They include the actress/director of a new production of Kiss Me Kate discovering the fun of a real life ‘taming’, a sizzling BDSM ménage, an innocent’s first day at a private fetish club and a very kinky encounter with a famous screen star.
About the Author
Justine Elyot’s kinky take on erotica has been widely anthologised in Black Lace’s themed collections and in the most popular online sites.
She lives by the sea.
Also by Justine Elyot:
On Demand
For everyone who understands.
Practical Criticism
‘All right, Miss Vanessi. You asked for it and you’re going to get it.’
Leo couldn’t fail me now, and he was encouragingly forceful when he grabbed my wrist and dragged me to the bench, stage-right. I’d told him over and over, ‘Do it for real. Don’t hold back.
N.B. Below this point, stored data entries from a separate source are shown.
(* Assume (A0), (A1), (A2) below. Then there is a positive constant $M$ such that $n_0^2\,|\Xi^3_i|\le M$ for all $i$ (and all $k$). (A0) For $i=1,\dots,k$, $\mathbf{X}_i=\{X_{i1},\dots,X_{in_i}\}$ is a random sample of size $n_i\ge2m$ from the distribution of a random element $X_i$ of a measurable space $(E,\mathcal{E})$, the samples independent. (A1) There is $M>0$ with $\mathbb{E}\{h^2(X_{i1},\dots,X_{im})\}<M$ for all $i$, $k$. (A2) $n_i=c_in_0$ with $n_0\ge2m$ and $1\le c_i\le C$ for a constant $C>0$.
   Context: $m\ge1$ is fixed and $h:E^m\to\mathbb{R}$ is a symmetric kernel; distributions and sample sizes may depend on $k$. Let $\theta_i=\mathbb{E}\{h(X_{i1},\dots,X_{im})\}$, and for $0\le c\le m$ let $h_{c}(x_1,\dots,x_c)=\mathbb{E}\{h(X_{i1},\dots,X_{im})\mid X_{i1}=x_1,\dots,X_{ic}=x_c\}$ (with $h_0=\theta_i$), $\widetilde{h}_c=h_c-\theta_i$, and $\widetilde{\zeta}^3_{i(c,j)}=\mathrm{Cov}\{\widetilde{h}_c(X_{i1},\dots,X_{ic}),\widetilde{h}_j(X_{i1},\dots,X_{ij})\widetilde{h}_{c-j}(X_{i(j+1)},\dots,X_{ic})\}$. Define $$\Xi^3_i=4\binom{n_i}{2m}^{-1}\binom{2m}{m}^{-1}\sum_{c=1}^m\binom{n_i-m}{2m-c}\binom{m}{c}\sum_{j=1}^c\binom{c}{j}\binom{2m-c}{m-j}\widetilde{\zeta}^3_{i(c,j)},$$ with $\binom{a}{b}=0$ if $b>a$. *)

From HB Require Import structures.
From mathcomp Require Import all_boot all_order all_algebra perm.
From mathcomp Require Import all_classical all_reals all_analysis.
Set Implicit Arguments. Unset Strict Implicit. Unset Printing Implicit Defensive.
Import Order.TTheory GRing.Theory Num.Theory.
Local Open Scope classical_set_scope.
Local Open Scope ring_scope.

Definition symmetric_kernel (E : Type) (R : Type) (m : nat)
  (h : m.-tuple E -> R) : Prop :=
  forall (s : 'S_m) (t : m.-tuple E), h [tuple tnth t (s l) | l < m] = h t.

Definition mutually_independent (R : realType) (dO dE : measure_display)
  (O : measurableType dO) (E : measurableType dE) (P : probability O R)
  (I : eqType) (D : set I) (Y : I -> O -> E) : Prop :=
  forall (s : seq I) (A : I -> set E), uniq s -> (forall a, a \in s -> D a) ->
    (forall a, measurable (A a)) ->
    P (\bigcap_(a in [set a | a \in s]) (Y a @^-1` A a)) =
    (\prod_(a <- s) P (Y a @^-1` A a))%E.

Section Ustat.
Variables (R : realType) (dO dE : measure_display).
Variables (O : measurableType dO) (E : measurableType dE) (P : probability O R).
Variables (m : nat) (h : m.-tuple E -> R).
(* Y l = X_{i,l+1} : the i-th sample (0-indexed) *)
Variable (Y : nat -> O -> E).

Definition theta : R := fine ('E_P[fun w => h [tuple Y l w | l < m]]).

(* h_c(x_1,...,x_c) = E h(x_1,...,x_c, X_{i(c+1)},...,X_{im})
   (x l stands for x_{l+1}; only x 0 .. x (c-1) are used) *)
Definition hcond (c : nat) (x : nat -> E) : R :=
  fine ('E_P[fun w => h [tuple (if (val l < c)%N then x (val l) else Y l w) | l < m]]).

Definition htil (c : nat) (x : nat -> E) : R := hcond c x - theta.

Definition zeta3 (c j : nat) : R :=
  fine (covariance P
    (fun w => htil c (fun l => Y l w))
    (fun w => htil j (fun l => Y l w) * htil (c - j) (fun l => Y (j + l)%N w))).

Definition Xi3 (n : nat) : R :=
  4 / ('C(n, 2 * m)%:R * 'C(2 * m, m)%:R) *
  \sum_(1 <= c < m.+1)
     ('C(n - m, 2 * m - c)%:R * 'C(m, c)%:R *
      \sum_(1 <= j < c.+1) ('C(c, j)%:R * 'C(2 * m - c, m - j)%:R * zeta3 c j)).
End Ustat.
Put your arm into it.’
At first rehearsals, he’d been reluctant, laughing and abandoning the endeavour halfway through, when he could even be persuaded to lay a hand on me.
‘I can’t do this, Callie. It’s not as if you really slap my face or anything in the bit before. It just seems … wrong. Assault, like.’
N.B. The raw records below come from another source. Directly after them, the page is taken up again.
(* In the algebra $\mathcal O_q$ defined in the context, for all $n\in\mathbb N$: $$\mathcal W_{-n}=-(q-q^{-1})^{-1}\sum_{k=0}^n\sum_{\ell=0}^k\binom{k}{\ell}q^{k-2\ell}[2]_q^{-k-2}B_{(k-2\ell)\delta+\alpha_0}\tilde{\mathcal G}_{n-k},$$ $$\mathcal W_{n+1}=-(q-q^{-1})^{-1}\sum_{k=0}^n\sum_{\ell=0}^k\binom{k}{\ell}q^{2\ell-k}[2]_q^{-k-2}B_{(k-2\ell)\delta+\alpha_1}\tilde{\mathcal G}_{n-k}.$$
   Context: All algebras are associative and unital over a field $\mathbb F$; $q\in\mathbb F$ is nonzero and not a root of unity; $[n]_q=(q^n-q^{-n})/(q-q^{-1})$. For elements $X,Y$ of an algebra, $[X,Y]=XY-YX$ and $[X,Y]_q=qXY-q^{-1}YX$. Let $\rho=-(q^2-q^{-2})^2$. The algebra $\mathcal O_q$ is defined by generators $\mathcal W_{-k},\mathcal W_{k+1},\mathcal G_{k+1},\tilde{\mathcal G}_{k+1}$ ($k\in\mathbb N$) and the following relations for all $k,\ell\in\mathbb N$: $[\mathcal W_0,\mathcal W_{k+1}]=[\mathcal W_{-k},\mathcal W_1]=(\tilde{\mathcal G}_{k+1}-\mathcal G_{k+1})/(q+q^{-1})$; $[\mathcal W_0,\mathcal G_{k+1}]_q=[\tilde{\mathcal G}_{k+1},\mathcal W_0]_q=\rho\mathcal W_{-k-1}-\rho\mathcal W_{k+1}$; $[\mathcal G_{k+1},\mathcal W_1]_q=[\mathcal W_1,\tilde{\mathcal G}_{k+1}]_q=\rho\mathcal W_{k+2}-\rho\mathcal W_{-k}$; $[\mathcal W_{-k},\mathcal W_{-\ell}]=0$, $[\mathcal W_{k+1},\mathcal W_{\ell+1}]=0$; $[\mathcal W_{-k},\mathcal W_{\ell+1}]+[\mathcal W_{k+1},\mathcal W_{-\ell}]=0$; $[\mathcal W_{-k},\mathcal G_{\ell+1}]+[\mathcal G_{k+1},\mathcal W_{-\ell}]=0$; $[\mathcal W_{-k},\tilde{\mathcal G}_{\ell+1}]+[\tilde{\mathcal G}_{k+1},\mathcal W_{-\ell}]=0$; $[\mathcal W_{k+1},\mathcal G_{\ell+1}]+[\mathcal G_{k+1},\mathcal W_{\ell+1}]=0$; $[\mathcal W_{k+1},\tilde{\mathcal G}_{\ell+1}]+[\tilde{\mathcal G}_{k+1},\mathcal W_{\ell+1}]=0$; $[\mathcal G_{k+1},\mathcal G_{\ell+1}]=0$, $[\tilde{\mathcal G}_{k+1},\tilde{\mathcal G}_{\ell+1}]=0$; $[\tilde{\mathcal G}_{k+1},\mathcal G_{\ell+1}]+[\mathcal G_{k+1},\tilde{\mathcal G}_{\ell+1}]=0$. Convention: $\tilde{\mathcal G}_0=-(q-q^{-1})[2]_q^2$. Define $B_\delta=q^{-2}\mathcal W_1\mathcal W_0-\mathcal W_0\mathcal W_1$; $B_{\alpha_0}=\mathcal W_0$, $B_{\delta+\alpha_0}=\mathcal W_1+\frac{q[B_\delta,\mathcal W_0]}{(q-q^{-1})(q^2-q^{-2})}$, $B_{n\delta+\alpha_0}=B_{(n-2)\delta+\alpha_0}+\frac{q[B_\delta,B_{(n-1)\delta+\alpha_0}]}{(q-q^{-1})(q^2-q^{-2})}$ for $n\ge2$; $B_{\alpha_1}=\mathcal W_1$, $B_{\delta+\alpha_1}=\mathcal W_0-\frac{q[B_\delta,\mathcal W_1]}{(q-q^{-1})(q^2-q^{-2})}$, $B_{n\delta+\alpha_1}=B_{(n-2)\delta+\alpha_1}-\frac{q[B_\delta,B_{(n-1)\delta+\alpha_1}]}{(q-q^{-1})(q^2-q^{-2})}$ for $n\ge2$. For negative integers $k$, set $B_{k\delta+\alpha_0}=B_{(-k-1)\delta+\alpha_1}$ and $B_{k\delta+\alpha_1}=B_{(-k-1)\delta+\alpha_0}$. *)

From HB Require Import structures.
From mathcomp Require Import all_boot all_order all_algebra.
Set Implicit Arguments. Unset Strict Implicit. Unset Printing Implicit Defensive.
Import Order.TTheory GRing.Theory Num.Theory.
Local Open Scope ring_scope.

(* Encoding of the generators of O_q in an F-algebra A:
     Wn k = W_{-k},  Wp k = W_{k+1},  G k = G_{k+1},  Gt k = tilde G_{k+1}  (k : nat). *)

Section Oq.
Variables (F : fieldType) (A : algType F) (q : F).

Definition comm (X Y : A) : A := X * Y - Y * X.
Definition qcomm (X Y : A) : A := q *: (X * Y) - q^-1 *: (Y * X).

Definition qint (n : nat) : F := (q ^+ n - q ^- n) / (q - q^-1).

Definition rho : F := - (q ^+ 2 - q ^- 2) ^+ 2.

Record Oq_rels (Wn Wp G Gt : nat -> A) : Prop := {
  rel1a : forall k, comm (Wn 0%N) (Wp k) = (q + q^-1)^-1 *: (Gt k - G k);
  rel1b : forall k, comm (Wn k) (Wp 0%N) = (q + q^-1)^-1 *: (Gt k - G k);
  rel2a : forall k, qcomm (Wn 0%N) (G k) = rho *: (Wn k.+1 - Wp k);
  rel2b : forall k, qcomm (Gt k) (Wn 0%N) = rho *: (Wn k.+1 - Wp k);
  rel3a : forall k, qcomm (G k) (Wp 0%N) = rho *: (Wp k.+1 - Wn k);
  rel3b : forall k, qcomm (Wp 0%N) (Gt k) = rho *: (Wp k.+1 - Wn k);
  rel4a : forall k l, comm (Wn k) (Wn l) = 0;
  rel4b : forall k l, comm (Wp k) (Wp l) = 0;
  rel5 : forall k l, comm (Wn k) (Wp l) + comm (Wp k) (Wn l) = 0;
  rel6 : forall k l, comm (Wn k) (G l) + comm (G k) (Wn l) = 0;
  rel7 : forall k l, comm (Wn k) (Gt l) + comm (Gt k) (Wn l) = 0;
  rel8 : forall k l, comm (Wp k) (G l) + comm (G k) (Wp l) = 0;
  rel9 : forall k l, comm (Wp k) (Gt l) + comm (Gt k) (Wp l) = 0;
  rel10a : forall k l, comm (G k) (G l) = 0;
  rel10b : forall k l, comm (Gt k) (Gt l) = 0;
  rel11 : forall k l, comm (Gt k) (G l) + comm (G k) (Gt l) = 0 }.

Variables (Wn Wp G Gt : nat -> A).

Definition W0 : A := Wn 0%N.
Definition W1 : A := Wp 0%N.

(* tilde G_m with the convention tilde G_0 = -(q - q^-1)[2]_q^2 *)
Definition Gtext (m : nat) : A :=
  if m is m'.+1 then Gt m' else (- (q - q^-1) * qint 2 ^+ 2)%:A.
‘It’s not assault if I ask you to do it,’ I said, upright again in the middle of the hall while the rest of the company watched us, agog. ‘I have a reason for this. I think it’ll win us the contest. Trust me.’
Leo didn’t understand how smacking my bum on stage was going to win us the Amateur All-Comers trophy, and neither did anyone else, but it wasn’t their place to question the actor-director, and so they didn’t.
‘God, Petruchio’s such a bastard,’ drawled my Bianca the day Leo finally got his act together and gave me more than a limp-wristed hand-flap on the seat of my jeans.
‘We’re not playing this for PC points,’ I reminded her. ‘The whole premise is dodgy as fuck from the outset. Taming a shrew, for God’s sake. And why a shrew, anyway? Shrews are cute.’
Bianca, whose real name was Louise, laughed.
‘I know. They’d make good pets. It’s just hard to feel comfortable with it. Basically, he’s an emotional abuser.’
I sighed.
‘I know. But let’s just concentrate on getting the musical numbers together, shall we? Then we can write a sequel in which Petruchio gets a good kick in the nads.’
‘Soprano solo, nice.’
That was the fourth or fifth rehearsal. Leo had taken hold of me around my waist and bent me over his lap.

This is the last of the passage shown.